╭─ STUDY MATERIAL

Lemma mim_cover_involution (f : T -> T) S : involutive f ->
  (forall a b, e (f a) (f b) = e a b) -> mim_cover e S -> mim_cover e (f @: S).
Proof.
move=> fK fE; rewrite (can2_imset_pre _ fK fK) => /andP [/forall_inP reg /edge_dominatingP dom].
have cnbhfE a b : (f a \in cnbh e (f b)) = (a \in cnbh e b).
  by rewrite !inE (inj_eq (inv_inj fK)) fE.
have cnbhsE y : (y \in cnbhs e (f @^-1: S)) = (f y \in cnbhs e S).
  rewrite !inE; apply/exists_inP/exists_inP => -[x xS yx].
    by exists (f x); rewrite ?cnbhfE //; move: xS; rewrite inE.
  by exists (f x); [rewrite inE fK | rewrite -cnbhfE fK].
apply/andP; split.
  apply/forall_inP => x; rewrite inE => /reg.
  have -> : nbh e x :&: f @^-1: S = f @^-1: (nbh e (f x) :&: S).
    by apply/setP => z; rewrite !inE fE.
  by rewrite card_preimset //; apply: inv_inj.
by apply/edge_dominatingP => a b eab; rewrite !cnbhsE; apply: dom; rewrite fE.
Qed.

Lemma twin_adj x y z : cnbh e x = cnbh e y -> z != x -> z != y -> e x z = e y z.
Proof.
move=> exy zx zy; have : (z \in cnbh e x) = (z \in cnbh e y) by rewrite exy.
by rewrite !inE (negbTE zx) (negbTE zy).
Qed.

Lemma tperm_twins x y : cnbh e x = cnbh e y ->
  forall a b, e (tperm x y a) (tperm x y b) = e a b.
Proof.
move=> exy a b; have twx z : z != x -> z != y -> e x z = e y z by apply: twin_adj.
case: tpermP => [-> | -> | /eqP ax /eqP ay]; case: tpermP => [-> | -> | /eqP bx /eqP by_];
  first [by rewrite !eirr | by rewrite esym | by rewrite twx | by rewrite ![e a _]esym twx].
Qed.

Lemma mim_cover_replace_twins C S P : {in C &, forall x y, cnbh e x = cnbh e y} ->
  P \subset C -> #|P| = #|S :&: C| -> mim_cover e S -> mim_cover e ((S :\: C) :|: P).
Proof.
(* Induction on |P \ S|: a transposition of two twins is an automorphism. *)
move=> twC PC; have [n] := ubnP #|P :\: S|; elim: n S => // n IH S ltPS cardP cS.
have [PS0 | [y yPS]] := set_0Vmem (P :\: S).
  have sP : P \subset S :&: C by rewrite subsetI -setD_eq0 PS0 eqxx PC.
  have -> : P = S :&: C by apply/eqP; rewrite eqEcard sP cardP leqnn.
  by rewrite setUC setID.
have [x xSCP] : exists x, x \in (S :&: C) :\: P.
  apply/set0Pn; rewrite setD_eq0; apply: contraTN yPS => sSP.
  have -> : P = S :&: C by apply/eqP; rewrite eq_sym eqEcard sSP cardP leqnn.
  by rewrite setDIl setDv set0I inE.
move: xSCP yPS; rewrite !inE => /andP [xP /andP [xS xC]] /andP [yS yP].
have yC : y \in C by apply: (subsetP PC).
pose S1 := tperm x y @: S.
have S1E z : (z \in S1) = (tperm x y z \in S).
  by rewrite /S1 (can2_imset_pre _ (tpermK x y) (tpermK x y)) inE.
have S1C : S1 :\: C = S :\: C.
  by apply/setP => z; rewrite !inE S1E; case: tpermP => [-> | -> | _ _]; rewrite ?xC ?yC.
rewrite -S1C; apply: IH.
- rewrite (cardsD1 y) !inE yP yS /= ltnS in ltPS; apply: leq_trans ltPS.
  apply: subset_leq_card; apply/subsetP => z; rewrite !inE S1E.
  by case: tpermP => [-> | -> | /eqP zx /eqP zy]; rewrite ?(negbTE xP) ?xS ?andbF ?zy.
- rewrite cardP -(card_preimset _ (inv_inj (tpermK x y))); apply: eq_card => z.
  by rewrite !inE S1E; case: tpermP => [-> | -> | _ _]; rewrite ?xC ?yC.
- exact: mim_cover_involution (tpermK x y) (tperm_twins (twC x y xC yC)) cS.
Qed.
End Twins.

Section Agreement.
Variables (T : finType) (e e' : rel T).
Implicit Types (S D : {set T}).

╰─

§ **AIM OF THE EXERCISE**
There is a line with "have yC : y \in C by apply: (subsetP PC)." and a line with "by rewrite !inE S1E;" above. Copy exactly those two lines and all lines between them, with nothing else.

§ **COMPLETED EXERCISE**
have yC : y \in C by apply: (subsetP PC).
pose S1 := tperm x y @: S.
have S1E z : (z \in S1) = (tperm x y z \in S).
  by rewrite /S1 (can2_imset_pre _ (tpermK x y) (tpermK x y)) inE.
have S1C : S1 :\: C = S :\: C.
  by apply/setP => z; rewrite !inE S1E; case: tpermP => [-> | -> | _ _]; rewrite ?xC ?yC.
rewrite -S1C; apply: IH.
- rewrite (cardsD1 y) !inE yP yS /= ltnS in ltPS; apply: leq_trans ltPS.
  apply: subset_leq_card; apply/subsetP => z; rewrite !inE S1E.
  by case: tpermP => [-> | -> | /eqP zx /eqP zy]; rewrite ?(negbTE xP) ?xS ?andbF ?zy.
- rewrite cardP -(card_preimset _ (inv_inj (tpermK x y))); apply: eq_card => z.
  by rewrite !inE S1E; case: tpermP => [-> | -> | _ _]; rewrite ?xC ?yC.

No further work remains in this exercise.